What the task asks
Copy every line in the listing that contains "ShiftedEnergy".
■ ■ ■
(* Let $t\ge0$, $R>1$, and let $h$ be a minimizer of $E$ over $\mathcal A_h$ satisfying $h(r)\ge\frac23$ for all $r\in[1,R]$. Then for every $x$ with $1\le|x|\le R$ (where the frame $(\mathbf n,\mathbf m,\mathbf p)$ is defined) and every $\mathbf W\in S_0$, \[ \psi(\mathbf W)+\frac{3h(|x|)}{8}\left(2\,\mathbf E_0\cdot\mathbf W+|\mathbf W|^2\right)^2\ge0, \] where $\mathbf E_0=\sqrt{3/2}\,(\hat x\otimes\hat x-\mathbf I/3)$.
   Context: $S_0$: real symmetric traceless $3\times3$ matrices; $\mathbf A\cdot\mathbf B=A_{ij}B_{ij}$, $|\mathbf W|^2=\mathbf W\cdot\mathbf W$. $h_+=\frac{3+\sqrt{9+8t}}{4}$; $E[h]=\int_1^R\frac{r^2}{2}(h')^2+3h^2+r^2[\frac t8(1-h^2)^2+\frac{h_+}{8}(1+3h^4-4h^3)]dr$ on $\mathcal A_h=\{h\in L^2(1,R): h'\in L^2((1,R);r^2dr),\ h(1)=h(R)=1\}$. For $x$ with spherical coordinates $(r,\theta,\phi)$: $\mathbf n=\hat x=(\sin\theta\cos\phi,\sin\theta\sin\phi,\cos\theta)$, $\mathbf m=(\cos\theta\cos\phi,\cos\theta\sin\phi,-\sin\theta)$, $\mathbf p=(-\sin\phi,\cos\phi,0)$. Put $\mathbf E=\mathbf n\otimes\mathbf n-\mathbf I/3$, $\mathbf F=\mathbf n\otimes\mathbf m+\mathbf m\otimes\mathbf n$, $\mathbf G=\mathbf n\otimes\mathbf p+\mathbf p\otimes\mathbf n$, $\mathbf X=\mathbf m\otimes\mathbf p+\mathbf p\otimes\mathbf m$, $\mathbf Y=\mathbf m\otimes\mathbf m-\mathbf p\otimes\mathbf p$, and write $\mathbf W=w_0\mathbf E+w_1\mathbf F+w_2\mathbf G+w_3\mathbf X+w_4\mathbf Y$. Define $\psi(\mathbf W)=-\frac{\sqrt6}{2}\mathrm{tr}\,\mathbf W^3-\frac12w_0^2+\frac92w_3^2+\frac92w_4^2$. *)

From HB Require Import structures.
From mathcomp Require Import all_boot all_order all_algebra.
From mathcomp Require Import all_classical all_reals all_analysis.
Set Implicit Arguments. Unset Strict Implicit. Unset Printing Implicit Defensive.
Import Order.TTheory GRing.Theory Num.Theory.
Import numFieldNormedType.Exports.
Local Open Scope classical_set_scope.
Local Open Scope ring_scope.

Section Defs.
Variable R : realType.

Definition mdot (A B : 'M[R]_3) : R := \sum_(i < 3) \sum_(j < 3) A i j * B i j.

Definition S0 : set 'M[R]_3 := [set A | A^T = A /\ \tr A = 0].

Definition tens (u v : 'rV[R]_3) : 'M[R]_3 := u^T *m v.

Definition vec3 (a b c : R) : 'rV[R]_3 :=
  \row_(i < 3) (if i == 0 :> nat then a else if i == 1 :> nat then b else c).

Definition nvec (th ph : R) := vec3 (sin th * cos ph) (sin th * sin ph) (cos th).
Definition mvec (th ph : R) := vec3 (cos th * cos ph) (cos th * sin ph) (- sin th).
Definition pvec (th ph : R) := vec3 (- sin ph) (cos ph) 0.

Definition Emat th ph : 'M[R]_3 := tens (nvec th ph) (nvec th ph) - 3^-1 *: 1%:M.
Definition Fmat th ph : 'M[R]_3 := tens (nvec th ph) (mvec th ph) + tens (mvec th ph) (nvec th ph).
Definition Gmat th ph : 'M[R]_3 := tens (nvec th ph) (pvec th ph) + tens (pvec th ph) (nvec th ph).
Definition Xmat th ph : 'M[R]_3 := tens (mvec th ph) (pvec th ph) + tens (pvec th ph) (mvec th ph).
Definition Ymat th ph : 'M[R]_3 := tens (mvec th ph) (mvec th ph) - tens (pvec th ph) (pvec th ph).

Definition frame_comb th ph (w0 w1 w2 w3 w4 : R) : 'M[R]_3 :=
  w0 *: Emat th ph + w1 *: Fmat th ph + w2 *: Gmat th ph
  + w3 *: Xmat th ph + w4 *: Ymat th ph.

Definition psi (W : 'M[R]_3) (w0 w3 w4 : R) : R :=
  - (Num.sqrt 6 / 2) * \tr (W *m W *m W) - w0 ^+ 2 / 2
  + 9 / 2 * w3 ^+ 2 + 9 / 2 * w4 ^+ 2.

Definition E0mat th ph : 'M[R]_3 := Num.sqrt (3 / 2) *: Emat th ph.

Definition hplus (t : R) : R := (3 + Num.sqrt (9 + 8 * t)) / 4.

Local Notation mu := (@lebesgue_measure R).

Definition energy_density (t : R) (h dh : R -> R) (r : R) : R :=
  r ^+ 2 / 2 * dh r ^+ 2 + 3 * h r ^+ 2
  + r ^+ 2 * (t / 8 * (1 - h r ^+ 2) ^+ 2
              + hplus t / 8 * (1 + 3 * h r ^+ 4 - 4 * h r ^+ 3)).

Definition energy (t Rb : R) (h dh : R -> R) : \bar R :=
  (\int[mu]_(r in `[1%R, Rb]) (energy_density t h dh r)%:E)%E.

(* h in A_h with weak derivative dh: h in L^2(1,Rb), dh in L^2((1,Rb); r^2 dr),
   h the (absolutely) continuous representative h(x) = h(1) + int_1^x dh,
   boundary conditions h(1) = h(Rb) = 1. *)
Definition primitive_rep (Rb : R) (h dh : R -> R) : Prop :=
  forall x : R, 1 <= x <= Rb ->
    (\int[mu]_(r in `[1%R, x]) (dh r)%:E)%E = ((h x - h 1)%:E)%E.

Definition admissible (Rb : R) (h dh : R -> R) : Prop :=
  [/\ measurable_fun `[1%R, Rb] h /\ measurable_fun `[1%R, Rb] dh,
      (\int[mu]_(r in `[1%R, Rb]) (h r ^+ 2)%:E < +oo)%E,
      (\int[mu]_(r in `[1%R, Rb]) (r ^+ 2 * dh r ^+ 2)%:E < +oo)%E,
      integrable mu `[1%R, Rb] (EFin \o dh)
    & primitive_rep Rb h dh /\ (h 1 = 1 /\ h Rb = 1)].

Definition is_minimizer (t Rb : R) (h : R -> R) : Prop :=
  exists dh, admissible Rb h dh /\
    forall g dg, admissible Rb g dg -> (energy t Rb h dh <= energy t Rb g dg)%E.

End Defs.

(* In the moving frame (n, m, p) the matrix W has the coordinate matrix
   M = [[2w0/3, w1, w2], [w1, w4 - w0/3, w3], [w2, w3, -w0/3 - w4]] and E_0 has
   the coordinate matrix of the same shape with w0 replaced by c = sqrt(3/2).
   With N = M + E_0 one has |N|^2 = 1 + 2 E_0.W + |W|^2, and a polynomial
   identity (valid once c^2 = 3/2) gives
     psi(W) + (2 E_0.W + |W|^2)^2 / 4 = - c tr N^3 + |N|^4 / 4 + |N|^2 / 4.
   For a symmetric traceless N, 6 (tr N^3)^2 <= |N|^6 (the discriminant of its
   characteristic polynomial is nonnegative), so c tr N^3 <= |N|^3 / 2 and the
   right-hand side is at least |N|^2 (|N| - 1)^2 / 4 >= 0. Since h >= 2/3 makes
   the coefficient 3h/8 at least 1/4, the claim follows. *)
From HB Require Import structures.
From mathcomp Require Import all_boot all_order all_algebra.
From mathcomp Require Import all_classical all_reals all_analysis.
From mathcomp Require Import ring lra.
Import Order.TTheory GRing.Theory Num.Theory.
Import numFieldNormedType.Exports.
Set Implicit Arguments. Unset Strict Implicit. Unset Printing Implicit Defensive.
Local Open Scope classical_set_scope.
Local Open Scope ring_scope.

Lemma mxtrace_mul_trmx_ge0 (R : realDomainType) n (A : 'M[R]_n) :
  0 <= \tr (A *m A^T).
Proof.
apply: sumr_ge0 => i _; rewrite mxE; apply: sumr_ge0 => j _.
by rewrite mxE -expr2 sqr_ge0.
Qed.

Section SymTraceless.
Variable R : realFieldType.

Definition sym_traceless (x y d e f : R) : 'M[R]_3 :=
  \matrix_(i < 3, j < 3)
    match i : nat, j : nat with
    | 0, 0 => x | 1, 1 => y | 2, 2 => - x - y
    | 0, 1 | 1, 0 => d | 0, 2 | 2, 0 => e | _, _ => f
    end.

Lemma trmx_sym_traceless x y d e f :
  (sym_traceless x y d e f)^T = sym_traceless x y d e f.
Proof.
apply/matrixP => i j; rewrite !mxE.
by case: i => [[|[|[|//]]] ?]; case: j => [[|[|[|//]]] ?].
Qed.

(* The 3 x 3 minor, at the index pairs p, q, s, of the 3 x 9 matrix whose rows
   are the entries of 1, A and A^2. *)
Definition power_minor (A : 'M[R]_3) (p q s : 'I_3 * 'I_3) : R :=
  let e l (k : 'I_3 * 'I_3) := (A ^+ l) k.1 k.2 in
  e 0 p * (e 1 q * e 2 s - e 2 q * e 1 s) - e 0 q * (e 1 p * e 2 s - e 2 p * e 1 s)
  + e 0 s * (e 1 p * e 2 q - e 2 p * e 1 q).

(* Cauchy-Binet for the Gram determinant of 1, A, A^2 under the trace form:
   half the left-hand side is that determinant, i.e. the discriminant of the
   characteristic polynomial. Minors with a repeated off-diagonal position, or
   with three off-diagonal positions, vanish; the weights count the symmetric
   copies of the off-diagonal positions. *)
Lemma sym_traceless_discriminant x y d e f :
  let A := sym_traceless x y d e f in let m := power_minor A in
  \tr (A *m A) ^+ 3 - 6 * \tr (A *m A *m A) ^+ 2 =
  2 * (m (0, 0) (1, 1) (2%:R, 2%:R) ^+ 2
  + 2 * (m (0, 0) (1, 1) (0, 1) ^+ 2 + m (0, 0) (1, 1) (0, 2%:R) ^+ 2
        + m (0, 0) (1, 1) (1, 2%:R) ^+ 2 + m (0, 0) (2%:R, 2%:R) (0, 1) ^+ 2
        + m (0, 0) (2%:R, 2%:R) (0, 2%:R) ^+ 2 + m (0, 0) (2%:R, 2%:R) (1, 2%:R) ^+ 2
        + m (1, 1) (2%:R, 2%:R) (0, 1) ^+ 2 + m (1, 1) (2%:R, 2%:R) (0, 2%:R) ^+ 2
        + m (1, 1) (2%:R, 2%:R) (1, 2%:R) ^+ 2)
  + 4 * (m (0, 0) (0, 1) (0, 2%:R) ^+ 2 + m (0, 0) (0, 1) (1, 2%:R) ^+ 2
        + m (0, 0) (0, 2%:R) (1, 2%:R) ^+ 2 + m (1, 1) (0, 1) (0, 2%:R) ^+ 2
        + m (1, 1) (0, 1) (1, 2%:R) ^+ 2 + m (1, 1) (0, 2%:R) (1, 2%:R) ^+ 2
        + m (2%:R, 2%:R) (0, 1) (0, 2%:R) ^+ 2 + m (2%:R, 2%:R) (0, 1) (1, 2%:R) ^+ 2
        + m (2%:R, 2%:R) (0, 2%:R) (1, 2%:R) ^+ 2)).
Proof.
rewrite /= /power_minor /= expr0 expr1 expr2 /mxtrace.
rewrite !(mxE, big_ord_recr, big_ord0) /=.
ring.
Qed.

Lemma sym_traceless_trace_cube_bound x y d e f :
  let A := sym_traceless x y d e f in
  6 * \tr (A *m A *m A) ^+ 2 <= \tr (A *m A) ^+ 3.
Proof.
rewrite /= -subr_ge0 sym_traceless_discriminant.
by repeat (exact: sqr_ge0 || apply: addr_ge0 || apply: mulr_ge0).
Qed.

Definition frame_coords (w0 w1 w2 w3 w4 : R) : 'M[R]_3 :=
  sym_traceless (2 * w0 / 3) (w4 - w0 / 3) w1 w2 w3.

Lemma trmx_frame_coords w0 w1 w2 w3 w4 :
  (frame_coords w0 w1 w2 w3 w4)^T = frame_coords w0 w1 w2 w3 w4.
Proof. exact: trmx_sym_traceless. Qed.

Lemma frame_coordsE w0 w1 w2 w3 w4 : frame_coords w0 w1 w2 w3 w4 =
  w0 *: (delta_mx 0 0 - 3^-1 *: 1%:M) + w1 *: (delta_mx 0 1 + delta_mx 1 0)
  + w2 *: (delta_mx 0 2%:R + delta_mx 2%:R 0)
  + w3 *: (delta_mx 1 2%:R + delta_mx 2%:R 1)
  + w4 *: (delta_mx 1 1 - delta_mx 2%:R 2%:R).
Proof.
apply/matrixP => i j; rewrite !mxE.
by case: i => [[|[|[|//]]] ?]; case: j => [[|[|[|//]]] ?] /=; field.
Qed.

Lemma frame_coords_dot w0 w1 w2 w3 w4 :
  \tr (frame_coords 1 0 0 0 0 *m (frame_coords w0 w1 w2 w3 w4)^T) = 2 * w0 / 3.
Proof. by rewrite /mxtrace !(mxE, big_ord_recr, big_ord0) /=; field. Qed.

End SymTraceless.

Section ShiftedEnergy.
Variables (R : rcfType) (c : R).
Hypothesis c2 : c ^+ 2 = 3 / 2.

Lemma trace_quartic_ge0 (T S : R) : 0 <= S -> 6 * T ^+ 2 <= S ^+ 3 ->
  0 <= - c * T + S ^+ 2 / 4 + S / 4.
Proof.
move=> S_ge0 TS; pose r := Num.sqrt S.
have r_ge0 : 0 <= r by apply: sqrtr_ge0.
have rS : r ^+ 2 = S by rewrite sqr_sqrtr.
have cT : c * T <= r ^+ 3 / 2.
  apply: le_trans (ler_norm _) _.
  rewrite -ler_sqr ?nnegrE ?normr_ge0 ?divr_ge0 ?exprn_ge0 //.
  rewrite real_normK ?num_real // exprMn c2 expr_div_n -exprM mulnC exprM rS.
  lra.
rewrite -rS; have := sqr_ge0 (r * (r - 1)); nra.
Qed.

Lemma frame_energy_shift (w0 w1 w2 w3 w4 : R) :
  let M := frame_coords w0 w1 w2 w3 w4 in
  let N := frame_coords (w0 + c) w1 w2 w3 w4 in
  - c * \tr (M *m M *m M) - w0 ^+ 2 / 2 + 9 / 2 * w3 ^+ 2 + 9 / 2 * w4 ^+ 2
    + (2 * (c * (2 * w0 / 3)) + \tr (M *m M)) ^+ 2 / 4 =
  - c * \tr (N *m N *m N) + \tr (N *m N) ^+ 2 / 4 + \tr (N *m N) / 4.
Proof.
move=> M N; apply/eqP; rewrite -subr_eq0; apply/eqP.
transitivity ((c ^+ 2 - 3 / 2) * (c ^+ 2 / 9 + 2 / 9 * c * w0 + 4 / 9 * w0 ^+ 2
  + (w1 ^+ 2 + w2 ^+ 2) / 3 - 8 / 3 * (w3 ^+ 2 + w4 ^+ 2))); last first.
  by rewrite c2 subrr mul0r.
rewrite /M /N /frame_coords /mxtrace !(mxE, big_ord_recr, big_ord0) /=.
by field.
Qed.

Lemma frame_energy_ge0 (w0 w1 w2 w3 w4 k : R) :
  let M := frame_coords w0 w1 w2 w3 w4 in
  1 / 4 <= k ->
  0 <= - c * \tr (M *m M *m M) - w0 ^+ 2 / 2 + 9 / 2 * w3 ^+ 2 + 9 / 2 * w4 ^+ 2
    + k * (2 * (c * (2 * w0 / 3)) + \tr (M *m M)) ^+ 2.
Proof.
move=> M k_ge; set X := (_ + _) ^+ 2.
pose N := frame_coords (w0 + c) w1 w2 w3 w4.
have NN_ge0 : 0 <= \tr (N *m N).
  by rewrite -{2}[N]trmx_frame_coords mxtrace_mul_trmx_ge0.
have := trace_quartic_ge0 NN_ge0 (sym_traceless_trace_cube_bound _ _ _ _ _).
rewrite -frame_energy_shift -/M -/X => X4_ge0.
have : 0 <= X by apply: sqr_ge0.
nra.
Qed.

End ShiftedEnergy.

Section OrthogonalConjugation.
Variables (R : comUnitRingType) (n : nat) (P : 'M[R]_n).
Hypothesis P_orth : P *m P^T = 1%:M.

Lemma orth_conjM (A B : 'M[R]_n) :
  (P^T *m A *m P) *m (P^T *m B *m P) = P^T *m (A *m B) *m P.
Proof. by rewrite !mulmxA -(mulmxA (P^T *m A)) P_orth mulmx1. Qed.

Lemma orth_conj_trace (A : 'M[R]_n) : \tr (P^T *m A *m P) = \tr A.
Proof. by rewrite mxtrace_mulC mulmxA P_orth mul1mx. Qed.

End OrthogonalConjugation.

Lemma trmx_conj (R : comNzRingType) n (P A : 'M[R]_n) :
  (P^T *m A *m P)^T = P^T *m A^T *m P.
Proof. by rewrite !trmx_mul trmxK mulmxA. Qed.

Section FrobeniusProduct.
Variable R : realType.

Lemma mdotE (A B : 'M[R]_3) : mdot A B = \tr (A *m B^T).
Proof.
apply: eq_bigr => i _; rewrite mxE; apply: eq_bigr => j _.
by rewrite mxE.
Qed.

Lemma mdotZl a (A B : 'M[R]_3) : mdot (a *: A) B = a * mdot A B.
Proof. by rewrite !mdotE -scalemxAl mxtraceZ. Qed.

Lemma mdot_orth_conj (P A B : 'M[R]_3) : P *m P^T = 1%:M ->
  mdot (P^T *m A *m P) (P^T *m B *m P) = mdot A B.
Proof. by move=> P_orth; rewrite !mdotE trmx_conj orth_conjM ?orth_conj_trace. Qed.

Lemma tens_row (P : 'M[R]_3) a b :
  tens (row a P) (row b P) = P^T *m delta_mx a b *m P.
Proof.
rewrite /tens !rowE trmx_mul trmx_delta -!mulmxA (mulmxA (delta_mx a 0)).
by rewrite mul_delta_mx.
Qed.

End FrobeniusProduct.

Section Frame.
Variables (R : realType) (th ph : R).

Definition frame_mx : 'M[R]_3 := \matrix_(i < 3, j < 3)
  (if i == 0 :> nat then nvec th ph 0 j
   else if i == 1 :> nat then mvec th ph 0 j else pvec th ph 0 j).

Lemma frame_mx_orthogonal : frame_mx *m frame_mx^T = 1%:M.
Proof.
have h1 := cos2Dsin2 th; have h2 := cos2Dsin2 ph.
(* The entries n.m and m.n need this multiple of [h2]; nra does not find it. *)
have h3 : sin th * cos th * (cos ph ^+ 2 + sin ph ^+ 2) = sin th * cos th.
  by rewrite h2 mulr1.
apply/matrixP => i j; rewrite !mxE !big_ord_recr big_ord0 /= !mxE.
by case: i => [[|[|[|//]]] ?]; case: j => [[|[|[|//]]] ?] /=; nra.
Qed.

Lemma frame_combE w0 w1 w2 w3 w4 : frame_comb th ph w0 w1 w2 w3 w4 =
  frame_mx^T *m frame_coords w0 w1 w2 w3 w4 *m frame_mx.
Proof.
rewrite /frame_comb /Emat /Fmat /Gmat /Xmat /Ymat.
have -> : nvec th ph = row 0 frame_mx by apply/rowP => j; rewrite !mxE.
have -> : mvec th ph = row 1 frame_mx by apply/rowP => j; rewrite !mxE.
have -> : pvec th ph = row 2%:R frame_mx by apply/rowP => j; rewrite !mxE.
rewrite !tens_row frame_coordsE.
rewrite !mulmxDr -!scalemxAr !mulmxDr !mulmxN -scalemxAr mulmx1.
rewrite !mulmxDl -!scalemxAl !mulmxDl !mulNmx -scalemxAl.
by rewrite (mulmx1C frame_mx_orthogonal).
Qed.

End Frame.

Theorem lemma4p2 (R : realType) (t Rb : R) (h : R -> R) :
  0 <= t -> 1 < Rb ->
  is_minimizer t Rb h ->
  (forall r, 1 <= r <= Rb -> 2 / 3 <= h r) ->
  forall r th ph : R, 1 <= r <= Rb -> 0 < th < pi -> 0 <= ph < 2 * pi ->
  forall (W : 'M[R]_3) (w0 w1 w2 w3 w4 : R),
    S0 W ->
    W = frame_comb th ph w0 w1 w2 w3 w4 ->
    0 <= psi W w0 w3 w4
         + 3 * h r / 8 * (2 * mdot (E0mat th ph) W + mdot W W) ^+ 2.
Proof.
(* The inequality is pointwise: only the bound [h >= 2/3] is used. *)
move=> _ _ _ h_ge r th ph r_in _ _ W w0 w1 w2 w3 w4 _ ->.
pose P := frame_mx th ph; pose c : R := Num.sqrt (3 / 2).
have P_orth : P *m P^T = 1%:M := frame_mx_orthogonal th ph.
have c2 : c ^+ 2 = 3 / 2 by rewrite sqr_sqrtr // divr_ge0.
have sqrt6E : Num.sqrt 6 / 2 = c.
  have s6 : Num.sqrt 6 ^+ 2 = 6 :> R by rewrite sqr_sqrtr.
  rewrite /c (_ : 3 / 2 = (Num.sqrt 6 / 2) ^+ 2); last by rewrite expr_div_n s6; field.
  by rewrite sqrtr_sqr ger0_norm // divr_ge0 ?sqrtr_ge0.
have EP : Emat th ph = P^T *m frame_coords 1 0 0 0 0 *m P.
  by rewrite -frame_combE /frame_comb scale1r !scale0r !addr0.
have k_ge : 1 / 4 <= 3 * h r / 8 by have := h_ge r r_in; lra.
rewrite /psi /E0mat sqrt6E mdotZl EP frame_combE -/P !mdot_orth_conj //.
rewrite !orth_conjM // orth_conj_trace // !mdotE frame_coords_dot trmx_frame_coords.
exact: frame_energy_ge0 c2 _ _ _ _ _ _ k_ge.
Qed.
■ ■ ■
Exercise answer
Section ShiftedEnergy.
End ShiftedEnergy.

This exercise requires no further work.